CRA applies the surrogatum principle (but only in the year of receipt) to tax RRSP proceeds received under an unclaimed-property procedure

The estate of the deceased annuitant of an RRSP was fully settled without the executor (his surviving wife and the sole beneficiary) being aware of the RRSP. Later, the RRSP became unclaimed property and the Quebec Commission for dealing with unclaimed property instructed the RRSP issuer to liquidate the RRSP and remit the proceeds in cash to it. In a subsequent taxation year, the surviving spouse claimed and received the amount from the Commission as the sole estate beneficiary.

CRA found that the amount paid to the surviving spouse was to be included in her income under the surrogatum principle as being in lieu of a payment received under s. 146(8).

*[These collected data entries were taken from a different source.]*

Lemma smooth_sum_ln_sqr_le (δ ε : R) : 0 < δ -> 0 < ε ->
  exists C x0 : R, forall x : R, x0 <= x ->
    smooth_sum x δ (ln x ^+ 2) <= C * x `^ (- (δ / 2) + ε).
Proof.
move=> δ_gt0 ε_gt0; set η := ε / (2 * δ + 4 * ε).
have η_gt0 : 0 < η by rewrite divr_gt0 //; lra.
have η_le : η <= 4^-1 by rewrite ler_pdivrMr; lra.
have δη_le : δ * η <= ε / 2 by rewrite mulrA ler_pdivrMr; nra.
set α := 2^-1 - η.
have c_gt0 : 0 < ε / 24 by lra.
have [L0 L0_ok] := powR_lnln_sqr_le (mertens2_const R) η_gt0 c_gt0.
exists 1, (expR (`|L0| + 2)) => x x_ge.
have lnx_ge : `|L0| + 2 <= ln x.
  by rewrite -(expRK (`|L0| + 2)) ler_ln ?posrE ?expR_gt0 //; apply: lt_le_trans x_ge.
have := ler_norm L0; have := normr_ge0 L0; move=> L0_norm_ge0 L0_le.
have x_ge1 : 1 <= x by apply: le_trans x_ge; rewrite -[leLHS]expR0 ler_expR addr_ge0.
have lnx_ge2 : 2 <= ln x by lra.
have y_ge2 : 2 <= ln x ^+ 2 by rewrite expr2; nra.
have α_ge0 : 0 <= α by rewrite /α; lra.
have α_le : α <= 2^-1 by rewrite /α; lra.
have L0_lnx : L0 <= ln x by lra.
have sum_le := sum_rankin_factor_le α_ge0 α_le y_ge2.
have small := L0_ok (ln x) L0_lnx.
apply: le_trans (smooth_sum_le_rankin _ δ_gt0 x_ge1 α_ge0 (_ : α < 1)) _; first by lra.
rewrite mul1r.
apply: (@le_trans _ _ (x `^ (- (δ * α)) * x `^ (ε / 2))).
  by rewrite ler_wpM2l ?powR_ge0 // gt0_powR_expR ?ler_expR; lra.
have exponent_le : - (δ * α) + ε / 2 <= - (δ / 2) + ε by rewrite /α; lra.
have x_gt0 : 0 < x by lra.
by rewrite -powRD ?(gt_eqF x_gt0) ?implybT // ler_powR.
Qed.
(* A crossing argument shows that f maps the closed half-plane below each of
   the two lines into the open one (for the lower line one uses a point of
   Theta above it), so an orbit segment that starts and ends in the band stays
   in it.  For s = 1 and s = -1 let beta be the upper limit of the normalized
   displacements s (p1(f^n z) - p1 z) / n over z in Theta; then s beta is a
   rotation number of Theta.  By compactness of a fundamental domain, every
   point whose N forward and N backward iterates lie in the band has L-step
   displacement (times s) at most L (beta + 2 eps), for suitable L and N.
   Cutting a long orbit segment in the band into blocks of length L, and
   bounding its first and last N steps by a uniform one-step bound, gives
   s x <= beta for every rotation number x of the band.  Hence the rotation
   set of the band lies between the rotation numbers of Theta obtained for
   s = -1 and s = 1. *)

Lemma Rabs_fst_le_d2 z w : Rabs (fst z - fst w) <= Defs.d2 z w.
Proof. apply Rmax_l. Qed.

Lemma Rabs_snd_le_d2 z w : Rabs (snd z - snd w) <= Defs.d2 z w.
Proof. apply Rmax_r. Qed.

Lemma d2_lt z w r :
  Rabs (fst z - fst w) < r -> Rabs (snd z - snd w) < r -> Defs.d2 z w < r.
Proof. intros; apply Rmax_lub_lt; assumption. Qed.

Lemma nat_above r : exists N, r <= INR N.
Proof.
  destruct (archimed r) as [Hup _].
  destruct (Z_lt_le_dec (up r) 0) as [Hneg|Hnonneg].
  - exists 0%nat. apply IZR_lt in Hneg. simpl; lra.
  - exists (Z.to_nat (up r)). rewrite INR_IZR_INZ, Z2Nat.id by exact Hnonneg. lra.
Qed.

Lemma Rabs_sign_mult s x : s = 1 \/ s = -1 -> Rabs (s * x) = Rabs x.
Proof.
  intros [-> | ->]; [now rewrite Rmult_1_l|].
  replace (-1 * x) with (- x) by ring. apply Rabs_Ropp.
Qed.

Lemma sign_mult_le_Rabs s x : s = 1 \/ s = -1 -> s * x <= Rabs x.
Proof. intros Hs. rewrite <- (Rabs_sign_mult s x Hs). apply Rle_abs. Qed.

(** * Continuity in the plane *)

Lemma continuous2_comp f h :
  continuous2 f -> continuous2 h -> continuous2 (fun z => f (h z)).
Proof.
  intros Hf Hh z eps Heps.
  destruct (Hf (h z) eps Heps) as [d1 [Hd1 H1]].
  destruct (Hh z d1 Hd1) as [d [Hd H]].
  exists d; split; auto.
Qed.

Lemma continuous2_iter f n : continuous2 f -> continuous2 (Nat.iter n f).
Proof.
  intros Hf; induction n as [|n IH].
  - intros z eps Heps; exists eps; auto.
  - exact (continuous2_comp _ _ Hf IH).
Qed.

Definition continuous2R (phi : R2 -> R) : Prop :=
  forall z eps, 0 < eps -> exists delta, 0 < delta /\
    forall w, Defs.d2 w z < delta -> Rabs (phi w - phi z) < eps.

Lemma continuous2R_fst_disp h :
  continuous2 h -> continuous2R (fun w => fst (h w) - fst w).
Proof.
  intros Hh z eps Heps.
  destruct (Hh z (eps / 2)) as [d [Hd H]]; [lra|].
  exists (Rmin d (eps / 2)); split; [apply Rmin_pos; lra|].
  intros w Hw.
  pose proof (Rmin_l d (eps / 2)); pose proof (Rmin_r d (eps / 2)).
  pose proof (H w ltac:(lra)).
  pose proof (Rabs_fst_le_d2 (h w) (h z)); pose proof (Rabs_fst_le_d2 w z).
  replace (fst (h w) - fst w - (fst (h z) - fst z))
    with ((fst (h w) - fst (h z)) - (fst w - fst z)) by ring.
  eapply Rle_lt_trans; [apply Rabs_triang|]. rewrite Rabs_Ropp. lra.
Qed.

Lemma continuous2R_snd h : continuous2 h -> continuous2R (fun w => snd (h w)).
Proof.
  intros Hh z eps Heps.
  destruct (Hh z eps Heps) as [d [Hd H]]. exists d; split; auto.
  intros w Hw. pose proof (H w Hw). pose proof (Rabs_snd_le_d2 (h w) (h z)). lra.
Qed.

Lemma continuous2R_scale a phi :
  continuous2R phi -> continuous2R (fun w => a * phi w).
Proof.
  intros Hphi z eps Heps.
  assert (Ha : 0 < Rabs a + 1) by (pose proof (Rabs_pos a); lra).
  destruct (Hphi z (eps / (Rabs a + 1))) as [d [Hd H]].
  { apply Rdiv_lt_0_compat; assumption. }
  exists d; split; auto. intros w Hw.
  replace (a * phi w - a * phi z) with (a * (phi w - phi z)) by ring.
  rewrite Rabs_mult.
  assert (Hlt : Rabs (phi w - phi z) * (Rabs a + 1) < eps).
  { pose proof (H w Hw) as Hw'.
    apply (Rmult_lt_compat_r (Rabs a + 1)) in Hw'; [|exact Ha].
    replace (eps / (Rabs a + 1) * (Rabs a + 1)) with eps in Hw' by (field; lra).
    exact Hw'. }
  pose proof (Rabs_pos (phi w - phi z)). nra.
Qed.

Lemma not_band_near h lo hi p :
  continuous2 h -> ~ band lo hi (h p) ->
  exists d, 0 < d /\ forall w, Defs.d2 w p < d -> ~ band lo hi (h w).
Proof.
  intros Hh Hp. unfold band in *.
  assert (Hout : snd (h p) < lo \/ hi < snd (h p)) by
    (destruct (Rlt_or_le (snd (h p)) lo); [auto|];
     destruct (Rlt_or_le hi (snd (h p))); [auto|tauto]).
  destruct Hout as [Hout|Hout].
  - destruct (Hh p (lo - snd (h p))) as [d [Hd H]]; [lra|].
    exists d; split; auto. intros w Hw Hb.
    pose proof (H w Hw). pose proof (Rabs_snd_le_d2 (h w) (h p)).
    pose proof (Rle_abs (snd (h w) - snd (h p))). lra.
  - destruct (Hh p (snd (h p) - hi)) as [d [Hd H]]; [lra|].
    exists d; split; auto. intros w Hw Hb.
    pose proof (H w Hw). pose proof (Rabs_snd_le_d2 (h w) (h p)).
    pose proof (Rle_abs (- (snd (h w) - snd (h p)))). rewrite Rabs_Ropp in *. lra.
Qed.

Definition lerp (a b : R2) (t : R) : R2 :=
  ((1 - t) * fst a + t * fst b, (1 - t) * snd a + t * snd b).
(* Let $S$ be a range set and $\Gamma$ the middle-third Cantor set. The set of all uniformly perfect metrics in $\mathrm{Ult}(\Gamma,S)$ is an $F_\sigma$ subset of $(\mathrm{Ult}(\Gamma,S),\mathcal{UD}_\Gamma^S)$.
   Context: A range set is $S\subseteq[0,\infty)$ with $0\in S$. $\mathrm{Ult}(X,S)$ is the set of all ultrametrics on $X$ with values in $S$ generating the topology of $X$. $\mathcal{UD}_X^S(d,e)$ is the infimum of all $\epsilon\in S\cup\{\infty\}$ such that for all $x,y$, $d(x,y)\le\max\{e(x,y),\epsilon\}$ and $e(x,y)\le\max\{d(x,y),\epsilon\}$. A metric space $(X,d)$ is uniformly perfect if there is $c\in(0,1)$ such that for every $x\in X$ and every $r\in(0,\delta_d(X))$ ($\delta_d$ = diameter) there is $y$ with $cr\le d(x,y)\le r$. $F_\sigma$: countable union of closed sets. *)

From HB Require Import structures.
From mathcomp Require Import all_boot all_order all_algebra.
From mathcomp Require Import all_classical all_reals all_analysis.
Set Implicit Arguments. Unset Strict Implicit. Unset Printing Implicit Defensive.
Import Order.TTheory GRing.Theory Num.Theory.
Import numFieldNormedType.Exports.
Local Open Scope classical_set_scope.
Local Open Scope ring_scope.

Definition range_set (R : realType) (S : set R) : Prop :=
  (forall s, S s -> 0 <= s) /\ S 0.

Definition cantor_set (R : realType) : set R :=
  [set x | exists a : nat -> bool,
     (fun n : nat => \sum_(0 <= k < n) ((2 * (a k : nat))%:R / 3%:R ^+ k.+1 : R))
       @ \oo --> x].

Definition Gamma (R : realType) := {x : R | cantor_set x}.

Definition euclid_open (R : realType) (U : set (Gamma R)) : Prop :=
  forall x, U x -> exists2 del : R, 0 < del &
    forall y : Gamma R, `|sval y - sval x| < del -> U y.

Definition metric_open (R : realType) (d : Gamma R -> Gamma R -> R)
  (U : set (Gamma R)) : Prop :=
  forall x, U x -> exists2 eps : R, 0 < eps & forall y, d x y < eps -> U y.

Definition is_ultrametric (X : Type) (R : realType) (d : X -> X -> R) : Prop :=
  (forall x y, d x y = 0 <-> x = y) /\
  (forall x y, d x y = d y x) /\
  (forall x y z, d x z <= Num.max (d x y) (d y z)).

Definition Ult (R : realType) (S : set R) : set (Gamma R -> Gamma R -> R) :=
  [set d | is_ultrametric d /\ (forall x y, S (d x y)) /\
           (forall U, euclid_open U <-> metric_open d U)].

Definition UD (X : Type) (R : realType) (S : set R) (d e : X -> X -> R) : \bar R :=
  ereal_inf [set eps : \bar R |
    (eps = +oo%E \/ exists2 s, S s & eps = s%:E) /\
    forall x y, ((d x y)%:E <= Order.max (e x y)%:E eps)%E /\
                ((e x y)%:E <= Order.max (d x y)%:E eps)%E].

Definition diam (X : Type) (R : realType) (d : X -> X -> R) : \bar R :=
  ereal_sup [set (d p.1 p.2)%:E | p in [set: X * X]].

Definition uniformly_perfect (X : Type) (R : realType) (d : X -> X -> R) : Prop :=
  exists c : R, 0 < c < 1 /\
    forall (x : X) (r : R), 0 < r -> (r%:E < diam d)%E ->
      exists y, c * r <= d x y <= r.

Definition UD_closed_in (X : Type) (R : realType) (S : set R)
  (A F : set (X -> X -> R)) : Prop :=
  F `<=` A /\
  forall d, A d -> (forall eps : R, 0 < eps ->
      exists2 e, F e & (UD S d e < eps%:E)%E) -> F d.

Definition UD_Fsigma_in (X : Type) (R : realType) (S : set R)
  (A B : set (X -> X -> R)) : Prop :=
  exists F : nat -> set (X -> X -> R),
    (forall n, UD_closed_in S A (F n)) /\ B = \bigcup_n F n.

From mathcomp Require Import all_boot all_order all_algebra.
From mathcomp Require Import all_classical all_reals all_analysis.
From mathcomp Require Import lra.
Import Order.TTheory GRing.Theory Num.Theory.
Local Open Scope classical_set_scope.
Local Open Scope ring_scope.

(* Call d "c-perfect" when every x has, for each 0 < r < diam d, a point y
   with c r <= d(x,y) <= r.  Uniform perfectness is c-perfectness for some
   c in (0,1), and c-perfectness is inherited by every smaller c > 0, so the
   uniformly perfect metrics are the union over n of the (1/(n+2))-perfect
   ones.  It remains to see that each c-perfect class is UD-closed; this
   holds for an arbitrary set X and ambient family A of distance functions:
   if UD(d,e) < eps then d and e coincide on all pairs where one of them
   exceeds some s < eps, and taking eps = c r both the hypothesis r < diam
   and the witness y transfer from e to d.  Neither the Cantor set, nor the
   ultrametric and topological conditions of Ult, nor the range-set
   hypothesis on S play any role. *)

Lemma UD_agree {R : realType} {S : set R} {X : Type} {d e : X -> X -> R}
    {eps : R} :
  (UD S d e < eps%:E)%E ->
  exists2 s : R, s < eps &
    forall x y, s < e x y \/ s < d x y -> d x y = e x y.
Proof.
move=> /ereal_inf_lt [z [[->|[s Ss ->]] Hz]] zlt; first by [].
exists s; first by rewrite lte_fin in zlt.
move=> x y Hxy; have [Hde Hed] := Hz x y.
rewrite le_max !lee_fin in Hde; rewrite le_max !lee_fin in Hed.
apply/eqP; rewrite eq_le.
case: Hxy => Hs; case/orP: Hde => Hde; case/orP: Hed => Hed; rewrite ?Hde ?Hed //=.
all: exfalso; clear Hz zlt; lra.
Qed.

(* If d and e agree above s, then any r > s below diam d is below diam e:
   a pair witnessing r < diam d has d-value > s, hence the same e-value. *)
Lemma diam_agree {R : realType} {X : Type} {d e : X -> X -> R} {s r : R} :
  (forall x y, s < e x y \/ s < d x y -> d x y = e x y) ->
  s < r -> (r%:E < diam d)%E -> (r%:E < diam e)%E.
Proof.
move=> agree sr rd.
have [_ [p _ <-] rp] := ereal_sup_gt rd; rewrite lte_fin in rp.
have dp : d p.1 p.2 = e p.1 p.2 by apply: agree; right; exact: lt_trans rp.
apply: (lt_le_trans (y := (e p.1 p.2)%:E)); first by rewrite lte_fin -dp.
by apply: ereal_sup_ubound; exists p.
Qed.

Definition perfect_with {X : Type} {R : realType} (c : R) (d : X -> X -> R)
    : Prop :=
  forall (x : X) (r : R), 0 < r -> (r%:E < diam d)%E ->
    exists y, c * r <= d x y <= r.

Lemma perfect_with_closed {X : Type} {R : realType} (S : set R)
    (A : set (X -> X -> R)) (c : R) :
  0 < c <= 1 -> UD_closed_in S A (A `&` perfect_with c).
Proof.
move=> /andP [c0 c1]; split; first by move=> d [].
move=> d Ad approx; split => // x r r0 rd.
have [e [_ perf_e] de] := approx _ (mulr_gt0 c0 r0).
have [s scr agree] := UD_agree de.
have sr : s < r by apply: (lt_le_trans scr); rewrite ler_piMl // ltW.
have [y /andP [lo hi]] := perf_e x r r0 (diam_agree agree sr rd).
exists y; have -> : d x y = e x y by apply: agree; left; exact: lt_le_trans lo.
by rewrite lo hi.
Qed.

Lemma perfect_with_le {X : Type} {R : realType} (c' c : R) (d : X -> X -> R) :
  c' <= c -> perfect_with c d -> perfect_with c' d.
Proof.
move=> c'c perf x r r0 rd; have [y /andP [lo hi]] := perf x r r0 rd.
by exists y; rewrite hi andbT (le_trans _ lo) // ler_pM2r.
Qed.

Definition inv_nat2 (R : realType) (n : nat) : R := (n.+2%:R)^-1.

Lemma inv_nat2_in01 (R : realType) (n : nat) : 0 < inv_nat2 R n < 1.
Proof. by rewrite /inv_nat2 invr_gt0 ltr0n invf_lt1 ?ltr0n // ltr1n. Qed.

Lemma inv_nat2_le {R : realType} {c : R} :
  0 < c -> exists n, inv_nat2 R n <= c.
Proof.
move=> c0; exists (Num.truncn c^-1); rewrite /inv_nat2 -[c in _ <= c]invrK.
rewrite lef_pV2 ?posrE ?invr_gt0 ?ltr0n //.
by apply: ltW; apply: (lt_trans (truncnS_gt _)); rewrite ltr_nat.
Qed.

Theorem lemma4p2 (R : realType) (S : set R) :
  range_set S ->
  UD_Fsigma_in S (Ult S) [set d | Ult S d /\ uniformly_perfect d].
Proof.
move=> _; exists (fun n => Ult S `&` perfect_with (inv_nat2 R n)); split.
  move=> n; apply: perfect_with_closed.
  by have /andP [-> /ltW ->] := inv_nat2_in01 R n.
apply/seteqP; split => d /=.
- move=> [Ud [c [/andP [c0 _] perf]]].
  have [n cn] := inv_nat2_le c0.
  by exists n => //; split => //; exact: perfect_with_le perf.
- move=> [n _ [Ud perf]]; split => //.
  by exists (inv_nat2 R n); split => //; exact: inv_nat2_in01.
Qed.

A number of key related points were addressed:

  • Although the benefit derived by the surviving spouse would normally have been excluded from her income on the basis that it was “included in computing the income of an annuitant” (i.e., her deceased husband) under s. 146(8.8), this in fact was not done (she did not know about the RRSP in preparing his terminal return) so that this exclusion did not apply (i.e., “included” is narrower than “includible”).
  • Although the Commission (which effectively was her agent) had received the RRSP proceeds in an earlier taxation year, it was not to be included in her income until the subsequent year when she was ascertained and received the amount from the Commission, -on the basis of the “longstanding position … that the CRA must … rely on the facts as they exist at the end of the taxation year” – and the essential basis for income inclusion was not identified until the subsequent year.
  • The surrogatum principle applied given that s. 146(8) would have applied but for the interposition of the Commission, and the amount received by her effectively was in lieu of that amount.
  • Although she received the amount as the heir of an estate that had ceased to exist rather than as a designated beneficiary, this was not considered to be a barrier to the suggested treatment.
  • The benefit to be recognized by her under s. 146(8) was to be grossed-up by the amount of fees that were deducted by the Commission and treated by the governing unclaimed property legislation as an obligation of her – and such fees were not deductible by her as they were not “incurred for the purpose of earning income.”

Neal Armstrong. Summaries of 13 August 2020 External T.I. 2019-0802891E5 F under s. 146(1) – benefit – (a), s. 146(8), s. 146(4)(c) and General Concepts – Payment and receipt.